From the records below, copy every line that contains the word "diagonals".

## Stored items:
**********

(* Let $G$ be a connected $m$-uniform hypergraph on $n$ vertices with matching number $\mu(G)$, having more than one edge. Then $s(G)\le m^{n-\mu(G)-2}$ and $\gamma(G)\le(n-\mu(G)-2)\mathrm{cl}(m)$.
   Context: A matching is a set of pairwise disjoint edges; $\mu(G)$ is the maximum size of a matching. Adjacency tensor $\mathcal{A}(G)$ (vertices $v_1,\dots,v_n$): $a_{i_1\cdots i_m}=\frac1{(m-1)!}$ if $\{v_{i_1},\dots,v_{i_m}\}$ is an edge, else $0$. For a tensor $\mathcal{A}$: eigenvectors $\mathcal{A}x^{m-1}=\lambda x^{[m-1]}$, $x\ne0$, $(\mathcal{A}x^{m-1})_i=\sum a_{ii_2\cdots i_m}x_{i_2}\cdots x_{i_m}$; $\rho(\mathcal{A})$ spectral radius. Stabilizing index $s(\mathcal{A})$: number of invertible diagonal $D$ with $d_{11}=1$ and $\mathcal{A}=D^{-(m-1)}\mathcal{A}D$, $(D^{-(m-1)}\mathcal{A}D)_{i_1\cdots i_m}=d_{i_1}^{-(m-1)}a_{i_1\cdots i_m}d_{i_2}\cdots d_{i_m}$. Stabilizing dimension $\gamma(\mathcal{A})$: composition length of the $\mathbb{Z}_m$-module of eigenvectors $y$ for $\rho(\mathcal{A})$ normalized by $y_1=1$, with operation $y\circ\hat y=D_yD_{\hat y}v_p$, $D_y=\mathrm{diag}(y_i/|y_i|)$, $v_p$ the positive one. $s(G)=s(\mathcal{A}(G))$, $\gamma(G)=\gamma(\mathcal{A}(G))$. $\mathrm{cl}(m)$: number of prime factors of $m$ with multiplicity. *)

From HB Require Import structures.
From mathcomp Require Import all_boot all_order all_algebra.
From mathcomp Require Import reals.
From mathcomp.real_closed Require Import complex.
Set Implicit Arguments. Unset Strict Implicit. Unset Printing Implicit Defensive.
Import Order.TTheory GRing.Theory Num.Theory.
Local Open Scope ring_scope.

(* ---------- Hypergraphs on the vertex set 'I_n (v_1 is the vertex 0) ---------- *)

Definition uniform (n m : nat) (E : {set {set 'I_n}}) : bool :=
  [forall e in E, #|e| == m].

Definition hadj (n : nat) (E : {set {set 'I_n}}) : rel 'I_n :=
  fun u v => [exists e in E, (u \in e) && (v \in e)].

Definition hconnected (n : nat) (E : {set {set 'I_n}}) : bool :=
  [forall u, forall v, connect (hadj E) u v].

Definition is_matching (n : nat) (E M : {set {set 'I_n}}) : bool :=
  (M \subset E) &&
  [forall e1 in M, forall e2 in M, (e1 != e2) ==> [disjoint e1 & e2]].

Definition matching_number (n : nat) (E : {set {set 'I_n}}) : nat :=
  \max_(M : {set {set 'I_n}} | is_matching E M) #|M|.

Definition cl (m : nat) : nat := \sum_(p <- primes m) logn p m.

Definition tensor (K : Type) (m n : nat) := {ffun 'I_m -> 'I_n} -> K.

Definition head_is (m n : nat) (f : {ffun 'I_m -> 'I_n}) (i : 'I_n) : bool :=
  [forall j : 'I_m, (val j == 0%N) ==> (f j == i)].

(* (A x^{m-1})_i = sum_{i_2..i_m} a_{i i_2 .. i_m} x_{i_2} ... x_{i_m} *)
Definition tapply (K : comNzRingType) (m n : nat) (A : tensor K m n)
    (x : {ffun 'I_n -> K}) (i : 'I_n) : K :=
  \sum_(f : {ffun 'I_m -> 'I_n} | head_is f i)
     A f * \prod_(j : 'I_m | val j != 0%N) x (f j).

Definition adj_tensor (K : fieldType) (n m : nat) (E : {set {set 'I_n}})
    : tensor K m n :=
  fun f => if [set f j | j : 'I_m] \in E then ((m.-1)`!%:R)^-1 else 0.

Section Complex.
Variable R : realType.
Local Notation C := R[i].

Definition is_eigenpair (m n : nat) (A : tensor C m n) (lam : C)
    (x : {ffun 'I_n -> C}) : Prop :=
  x != 0 /\ forall i, tapply A x i = lam * x i ^+ m.-1.

Definition is_eigenvalue (m n : nat) (A : tensor C m n) (lam : C) : Prop :=
  exists x, is_eigenpair A lam x.

Definition spectral_radius (m n : nat) (A : tensor C m n) : R :=
  sup (fun r : R => exists lam, is_eigenvalue A lam /\ `|lam| = Complex r 0).

(* D = diag(d) is invertible, d_11 = 1, and A = D^{-(m-1)} A D, i.e.
   a_{i_1..i_m} = d_{i_1}^{-(m-1)} a_{i_1..i_m} d_{i_2} ... d_{i_m} *)
Definition stabilizing_diag (m n : nat) (A : tensor C m n)
    (d : {ffun 'I_n -> C}) : Prop :=
  (forall i, d i != 0) /\ (forall i : 'I_n, val i = 0%N -> d i = 1) /\
  forall (i : 'I_n) (f : {ffun 'I_m -> 'I_n}), head_is f i ->
    A f = (d i)^-1 ^+ m.-1 * A f * \prod_(j : 'I_m | val j != 0%N) d (f j).

(* "s(A) <= k": the set of stabilizing diagonal matrices (identified with their
   diagonals) is finite, enumerated without repetition by S, and |S| <= k *)
Definition stab_index_le (m n : nat) (A : tensor C m n) (k : rat) : Prop :=
  exists S : seq {ffun 'I_n -> C},
    [/\ uniq S, (forall d, d \in S <-> stabilizing_diag A d) & (size S)%:R <= k].

Definition rho_eigvec_normalized (m n : nat) (A : tensor C m n)
    (y : {ffun 'I_n -> C}) : Prop :=
  is_eigenpair A (Complex (spectral_radius A) 0) y /\
  forall i : 'I_n, val i = 0%N -> y i = 1.

Definition is_perron_normalized (m n : nat) (A : tensor C m n)
    (vp : {ffun 'I_n -> C}) : Prop :=
  rho_eigvec_normalized A vp /\ forall i, 0 < vp i.

(* module operation y o y^ = D_y D_y^ v_p, D_y = diag(y_i/|y_i|) *)
Definition mod_op (n : nat) (vp y yh : {ffun 'I_n -> C}) : {ffun 'I_n -> C} :=
  [ffun i => (y i / `|y i|) * (yh i / `|yh i|) * vp i].

(* Z_m-submodules of the module of normalized rho-eigenvectors: subsets
   containing the neutral element v_p and closed under o (closure under the
   Z_m-action k.y = y o ... o y, hence under inverses y^{-1} = (m-1).y,
   follows) *)
Definition is_submodule (m n : nat) (A : tensor C m n) (vp : {ffun 'I_n -> C})
    (M : {ffun 'I_n -> C} -> Prop) : Prop :=
  [/\ forall y, M y -> rho_eigvec_normalized A y,
      M vp &
      forall y yh, M y -> M yh -> M (mod_op vp y yh)].

(* "gamma(A) <= k": every strictly increasing chain of submodules
   M_0 < M_1 < ... < M_t has length t <= k (composition length <= k) *)
Definition stab_dim_le (m n : nat) (A : tensor C m n) (k : int) : Prop :=
  forall vp, is_perron_normalized A vp ->
  forall (c : nat -> {ffun 'I_n -> C} -> Prop) (t : nat),
    (forall s, (s <= t)%N -> is_submodule A vp (c s)) ->
    (forall s, (s < t)%N ->
       (forall y, c s y -> c s.+1 y) /\ exists y, c s.+1 y /\ ~ c s y) ->
    (t%:Z <= k)%R.

End Complex.

From HB Require Import structures.
From mathcomp Require Import all_boot all_order all_algebra all_fingroup.
From mathcomp Require Import cyclic separable cyclotomic.
From mathcomp Require Import reals boolp.
From mathcomp.real_closed Require Import complex.
From mathcomp Require Import zify.
Set Implicit Arguments. Unset Strict Implicit. Unset Printing Implicit Defensive.
Import Order.TTheory GRing.Theory Num.Theory.

(* A stabilizing diagonal d of A(G) satisfies d_i^m = 1 and prod_{x in e} d_x = 1
   on every edge e, so writing d_i = w^(c_i) for a primitive m-th root of unity w
   identifies the stabilizing diagonals with the group Q of vectors c in (Z/m)^n
   with c_1 = 0 and zero sum on every edge: s(G) = |Q|.  A maximum matching M and
   an edge f outside it give mu(G) + 2 vertices D (v_1, a vertex of f and one
   vertex in each edge of M) such that the edge equations, solved one at a time,
   force a vector of Q vanishing off D to vanish.  Hence Q embeds into
   (Z/m)^(n - mu - 2) and |Q| divides m^(n - mu - 2).
   For gamma, a Perron-Frobenius argument shows |y| = v_p for every normalized
   rho-eigenvector y, and then y/|y| is a stabilizing diagonal, so the module of
   these eigenvectors embeds into Q.  Along a strictly increasing chain of
   subgroups the order gains a nontrivial factor at each step, so the chain has
   length at most cl |Q| <= cl (m^(n - mu - 2)) = (n - mu - 2) cl m. *)

(** * Counting prime factors *)

Lemma cl_sum_ord N a : 0 < a -> a < N -> cl a = \sum_(p < N) logn p a.
Proof.
move=> a_gt0 ltaN; rewrite -(big_mkord xpredT (logn^~ a)).
rewrite (bigID (mem (primes a))) /= [X in _ + X]big1 ?addn0; last first.
  by move=> p /negbTE; rewrite -logn_gt0 lt0n => /negbFE/eqP.
rewrite -big_filter /cl; apply/perm_big/uniq_perm.
- exact: primes_uniq.
- exact: filter_uniq (iota_uniq _ _).
- move=> p; rewrite mem_filter mem_iota /= add0n subn0 andb_idr //.
  by rewrite mem_primes => /and3P[_ _ /(dvdn_leq a_gt0) /leq_ltn_trans]; apply.
Qed.

Lemma clM a b : 0 < a -> 0 < b -> cl (a * b) = cl a + cl b.
Proof.
move=> a_gt0 b_gt0; have ab_gt0 : 0 < a * b by rewrite muln_gt0 a_gt0.
rewrite !(@cl_sum_ord (a * b).+1) ?ltnS ?leq_pmull ?leq_pmulr //.
by rewrite -big_split; apply: eq_bigr => p _; rewrite lognM.
Qed.

Lemma clX a k : 0 < a -> cl (a ^ k) = k * cl a.
Proof.
move=> a_gt0; elim: k => [|k IHk]; first by rewrite /cl big_nil.
by rewrite expnS clM ?expn_gt0 ?a_gt0 // IHk mulSn.
Qed.

Lemma cl_gt0 a : 1 < a -> 0 < cl a.
Proof.
move=> a_gt1; have a_gt0 := ltnW a_gt1.
have lt_pa : pdiv a < a.+1 by rewrite ltnS dvdn_leq ?pdiv_dvd.
rewrite (@cl_sum_ord a.+1) // (bigD1 (Ordinal lt_pa)) //= addn_gt0 logn_gt0.
by rewrite mem_primes pdiv_prime ?a_gt0 ?pdiv_dvd.
Qed.

Lemma dvdn_leq_cl a b : a %| b -> 0 < b -> cl a <= cl b.
Proof.
by case/dvdnP=> k ->; rewrite muln_gt0 => /andP[k_gt0 a_gt0]; rewrite clM ?leq_addl.
Qed.

Lemma dvdn_ltn_cl a b : a %| b -> 0 < a -> a < b -> cl a < cl b.
Proof.
case/dvdnP=> k -> a_gt0; rewrite -[X in X < _]mul1n ltn_pmul2r //.
by move=> k_gt1; rewrite clM ?(ltnW k_gt1) // -[X in X < _]add0n ltn_add2r cl_gt0.
Qed.

Lemma proper_chain_leq_cl (gT : finGroupType) (G : {group gT})
    (H : nat -> {set gT}) t :
  (forall s, s <= t -> group_set (H s)) -> H t \subset G ->
  (forall s, s < t -> H s \proper H s.+1) -> t <= cl #|G|.
Proof.
move=> grH sHtG ltH.
have card_gt0 s : s <= t -> 0 < #|H s|.
  by move=> le_st; apply/card_gt0P; exists 1%g; case/group_setP: (grH s le_st).
suff le_cl s : s <= t -> s <= cl #|H s|.
  apply: leq_trans (le_cl t (leqnn t)) (dvdn_leq_cl _ (cardG_gt0 G)).
  exact: (cardSg (G := G) (H := Group (grH t (leqnn t)))).
elim: s => // s IHs lt_st.
apply: leq_ltn_trans (IHs (ltnW lt_st)) (dvdn_ltn_cl _ (card_gt0 s (ltnW lt_st)) _).
- exact: (cardSg (G := Group (grH _ lt_st)) (H := Group (grH _ (ltnW lt_st))))
    (proper_sub (ltH s lt_st)).
- exact: proper_card (ltH s lt_st).
Qed.

(** * Uniform hypergraphs and matchings *)

Section Hypergraph.
Variables (n m : nat) (E : {set {set 'I_n}}).
Hypothesis E_uniform : uniform m E.

Lemma card_edge e : e \in E -> #|e| = m.
Proof. by move=> eE; apply/eqP; move/forall_inP: E_uniform; apply. Qed.

Lemma edge_not_subset e e' : e \in E -> e' \in E -> e != e' -> ~~ (e \subset e').
Proof. by move=> eE e'E; apply: contra => sub; rewrite eqEcard sub !card_edge ?leqnn. Qed.

Lemma edge_enum_from e i : e \in E -> i \in e ->
  exists f : {ffun 'I_m -> 'I_n}, head_is f i /\ [set f j | j : 'I_m] = e.
Proof.
move=> eE ie; pose s := i :: enum (e :\ i).
have size_s : size s = m by rewrite /= -cardE -(card_edge eE) (cardsD1 i e) ie.
have mem_s x : (x \in s) = (x \in e).
  by rewrite inE mem_enum in_setD1; case: eqVneq => [->|].
exists [ffun j : 'I_m => nth i s j]; split.
  by apply/forallP=> j; apply/implyP=> /eqP j0; rewrite ffunE j0.
apply/setP=> x; apply/imsetP/idP => [[j _ ->]|xe].
  by rewrite ffunE -mem_s mem_nth // size_s.
have lt_xm : index x s < m by rewrite -size_s index_mem mem_s.
by exists (Ordinal lt_xm); rewrite // ffunE nth_index ?mem_s.
Qed.

Lemma edge_enum_inj (f : {ffun 'I_m -> 'I_n}) :
  [set f j | j : 'I_m] \in E -> injective f.
Proof.
move=> fE j j'; have /imset_injP inj_f : #|[set f j | j : 'I_m]| == #|'I_m|.
  by rewrite card_edge // card_ord.
exact: inj_f.
Qed.

Lemma exists_other_vertex e w : 1 < m -> e \in E -> exists2 x, x \in e & x != w.
Proof.
move=> m_gt1 eE; have /card_gt1P[x [y [xe ye ne_xy]]] : 1 < #|e| by rewrite card_edge.
by case: (eqVneq x w) => [xw | ]; [exists y; rewrite // -xw eq_sym | exists x].
Qed.

Section Connected.
Hypothesis E_connected : hconnected E.

Lemma hconnected_ind (P : pred 'I_n) :
  (forall u v, hadj E u v -> P u -> P v) -> forall u v, P u -> P v.
Proof.
move=> PE u v; move/forallP: E_connected => /(_ u)/forallP/(_ v)/connectP[p].
elim: p u => [|w p IHp] u /= => [_ -> // | /andP[uw wp] v_last Pu].
exact: IHp wp v_last (PE _ _ uw Pu).
Qed.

**********

## Task output:
   diagonals) is finite, enumerated without repetition by S, and |S| <= k *)
   identifies the stabilizing diagonals with the group Q of vectors c in (Z/m)^n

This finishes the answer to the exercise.